- Opening Delimiter -
(* Consequence of the identity and of the error criterion (in its weakest
   form [sigma = 1]): one iteration decreases the estimate-sequence potential
   up to [(A + a) eps]. *)
Lemma one_step_estimate {x y y' v : 'rV[R]_n} (w : 'rV[R]_n) {xt x' : 'rV[R]_n}
  {A a mu lam eps : R} :
  0 <= A -> 0 < mu -> 0 < lam ->
  a = ((1 + 2 * mu * A) * lam + Num.sqrt ((1 + 2 * mu * A) ^+ 2 * lam ^+ 2
         + 4 * (1 + mu * A) * A * lam)) / 2 ->
  xt = ((a - mu * A * lam) / (A + a)) *: x + ((A + mu * A * lam) / (A + a)) *: y ->
  x' = ((1 + mu * A) / (1 + mu * (A + a))) *: x
       + ((mu * a) / (1 + mu * (A + a))) *: y' - (a / (1 + mu * (A + a))) *: v ->
  ip (lam *: v + y' - xt) (lam *: v + y' - xt) / (1 + lam * mu) + 2 * lam * eps
     <= ip (y' - xt) (y' - xt) ->
  (A + a) * eps <=
  (1 + mu * A) / 2 * ip (w - x) (w - x) - (1 + mu * (A + a)) / 2 * ip (w - x') (w - x')
  + (a * ip v (w - y') + A * ip v (y - y'))
  + mu / 2 * (a * ip (w - y') (w - y') + A * ip (y - y') (y - y')).
Proof.
move=> A0 mu0 lam0 aE xtE x'E crit.
have [a0 lamE muAlam] := step_coefficient_facts mu0 A0 lam0 aE.
rewrite -ipDr (one_step_identity w A0 a0 mu0 lamE xtE x'E).
have lammu0 : 0 < 1 + lam * mu by rewrite ltr_wpDr ?mulr_ge0 //; lra.
set Np := ip (lam *: v + y' - xt) _ in crit *.
set Nr := ip (y' - xt) _ in crit *.
have residual : 2 * lam * (1 + lam * mu) * eps <= (1 + lam * mu) * Nr - Np.
  have NpE : Np / (1 + lam * mu) * (1 + lam * mu) = Np by rewrite divfK // gt_eqF.
  have := ler_wpM2r (ltW lammu0) crit.
  rewrite mulrDl NpE; lra.
have coef0 : 0 <= (A + a) / (1 + lam * mu) / (2 * lam).
  by rewrite !divr_ge0 //; lra.
have := ler_wpM2l coef0 residual.
have -> : (A + a) / (1 + lam * mu) / (2 * lam) * (2 * lam * (1 + lam * mu) * eps)
          = (A + a) * eps.
  by field; rewrite !gt_eqF //; lra.
have Aa0 : 0 < A + a by lra.
have muAlam0 : 0 <= mu * A * lam by rewrite !mulr_ge0 //; lra.
have : 0 <= (A + a) / (1 + lam * mu) * mu / 2 * ((a - mu * A * lam) / (A + a))
            * ((A + mu * A * lam) / (A + a)) * ip (x - y) (x - y).
  rewrite mulr_ge0 ?ip_ge0 // mulr_ge0 ?(divr_ge0 _ (ltW Aa0)) //; last lra.
  rewrite mulr_ge0 ?(divr_ge0 _ (ltW Aa0)) //; last lra.
  by rewrite divr_ge0 // mulr_ge0 ?divr_ge0 //; lra.
lra.
Qed.

End OneIteration.

Section Algorithm1Analysis.
Context {R : realType} {n : nat} {f g : 'rV[R]_n -> \bar R} {mu sigma : R}
  {xstar : 'rV[R]_n} {x y xt v : nat -> 'rV[R]_n} {eps lam a A : nat -> R}.
Hypotheses (mu_gt0 : 0 < mu) (f_cvx : convex_fun f) (g_sc : strongly_convex mu g)
  (f_proper : proper_fun f) (g_proper : proper_fun g)
  (h_dom : exists z, (f z + g z < +oo)%E)
  (xstar_min : forall z, (f xstar + g xstar <= f z + g z)%E)
  (alg : algorithm1 f g mu sigma x y xt v eps lam a A).

Let hy k := fine (f (y k)) + fine (g (y k)).
Let hstar := fine (f xstar) + fine (g xstar).
Let d0sq := ip (xstar - x 0%N) (xstar - x 0%N).

Lemma A_ge0_a_gt0 k : 0 <= A k /\ 0 < a k.+1.
Proof.
have [_ [A0 step]] := alg.
have Ak0 : 0 <= A k.
  elim: k => [|k IH]; first by rewrite A0.
  have [[lam0 aE] _ _ AE _] := step k.
  have [a0 _ _] := step_coefficient_facts mu_gt0 IH lam0 aE.
  by rewrite AE; lra.
have [[lam0 aE] _ _ _ _] := step k.
by have [] := step_coefficient_facts mu_gt0 Ak0 lam0 aE.
Qed.

Lemma A_ge0 k : 0 <= A k.
Proof. exact: (A_ge0_a_gt0 k).1. Qed.

Lemma A_succ_gt0 k : 0 < A k.+1.
Proof.
have [_ [_ step]] := alg; have [_ _ _ -> _] := step k.
by have [] := A_ge0_a_gt0 k; lra.
Qed.

Lemma A_le_succ k : A k <= A k.+1.
Proof.
have [_ [_ step]] := alg; have [_ _ _ -> _] := step k.
by have [] := A_ge0_a_gt0 k; lra.
Qed.

Lemma xstar_fin : f xstar = (fine (f xstar))%:E /\ g xstar = (fine (g xstar))%:E.
Proof.
have [z hz] := h_dom.
exact: fin_of_sum_lt_pinfty (f_proper.1 xstar) (g_proper.1 xstar)
         (le_lt_trans (xstar_min z) hz).
Qed.

Lemma y_fin k :
  f (y k.+1) = (fine (f (y k.+1)))%:E /\ g (y k.+1) = (fine (g (y k.+1)))%:E.
Proof.
have [_ [_ step]] := alg; have [_ _ [[uf [w [fyu [gyw _]]]] _ _] _ _] := step k.
by split; [exact: fin_of_subdiff f_proper.1 f_proper.2 fyu
          | exact: fin_of_subdiff g_proper.1 g_proper.2 gyw].
Qed.

Lemma gap_fin k :
  (f (y k.+1) + g (y k.+1) - (f xstar + g xstar))%E = (hy k.+1 - hstar)%:E.
Proof.
have [fyE gyE] := y_fin k; have [fsE gsE] := xstar_fin.
by rewrite /hy /hstar {1}fyE {1}gyE {1}fsE {1}gsE EFinB !EFinD.
Qed.

Lemma subgradient_ineq_at_min k :
  hy k.+1 + ip (v k.+1) (xstar - y k.+1)
  + mu / 2 * ip (xstar - y k.+1) (xstar - y k.+1) - eps k.+1 <= hstar.
Proof.
have [_ [_ step]] := alg; have [_ _ [vsub _ _] _ _] := step k.
have [fyE gyE] := y_fin k; have [fsE gsE] := xstar_fin.
exact: sum_subdiff_ineq mu_gt0 g_sc vsub fyE gyE fsE gsE.
Qed.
- Closing Delimiter -
Work to be completed: Go through the material above and output exactly the lines from the one containing "A * lam)) / 2 ->" through the one containing "rewrite -ipDr (one_step_identity".

Solution below:
         + 4 * (1 + mu * A) * A * lam)) / 2 ->
  xt = ((a - mu * A * lam) / (A + a)) *: x + ((A + mu * A * lam) / (A + a)) *: y ->
  x' = ((1 + mu * A) / (1 + mu * (A + a))) *: x
       + ((mu * a) / (1 + mu * (A + a))) *: y' - (a / (1 + mu * (A + a))) *: v ->
  ip (lam *: v + y' - xt) (lam *: v + y' - xt) / (1 + lam * mu) + 2 * lam * eps
     <= ip (y' - xt) (y' - xt) ->
  (A + a) * eps <=
  (1 + mu * A) / 2 * ip (w - x) (w - x) - (1 + mu * (A + a)) / 2 * ip (w - x') (w - x')
  + (a * ip v (w - y') + A * ip v (y - y'))
  + mu / 2 * (a * ip (w - y') (w - y') + A * ip (y - y') (y - y')).
Proof.
move=> A0 mu0 lam0 aE xtE x'E crit.
have [a0 lamE muAlam] := step_coefficient_facts mu0 A0 lam0 aE.
rewrite -ipDr (one_step_identity w A0 a0 mu0 lamE xtE x'E).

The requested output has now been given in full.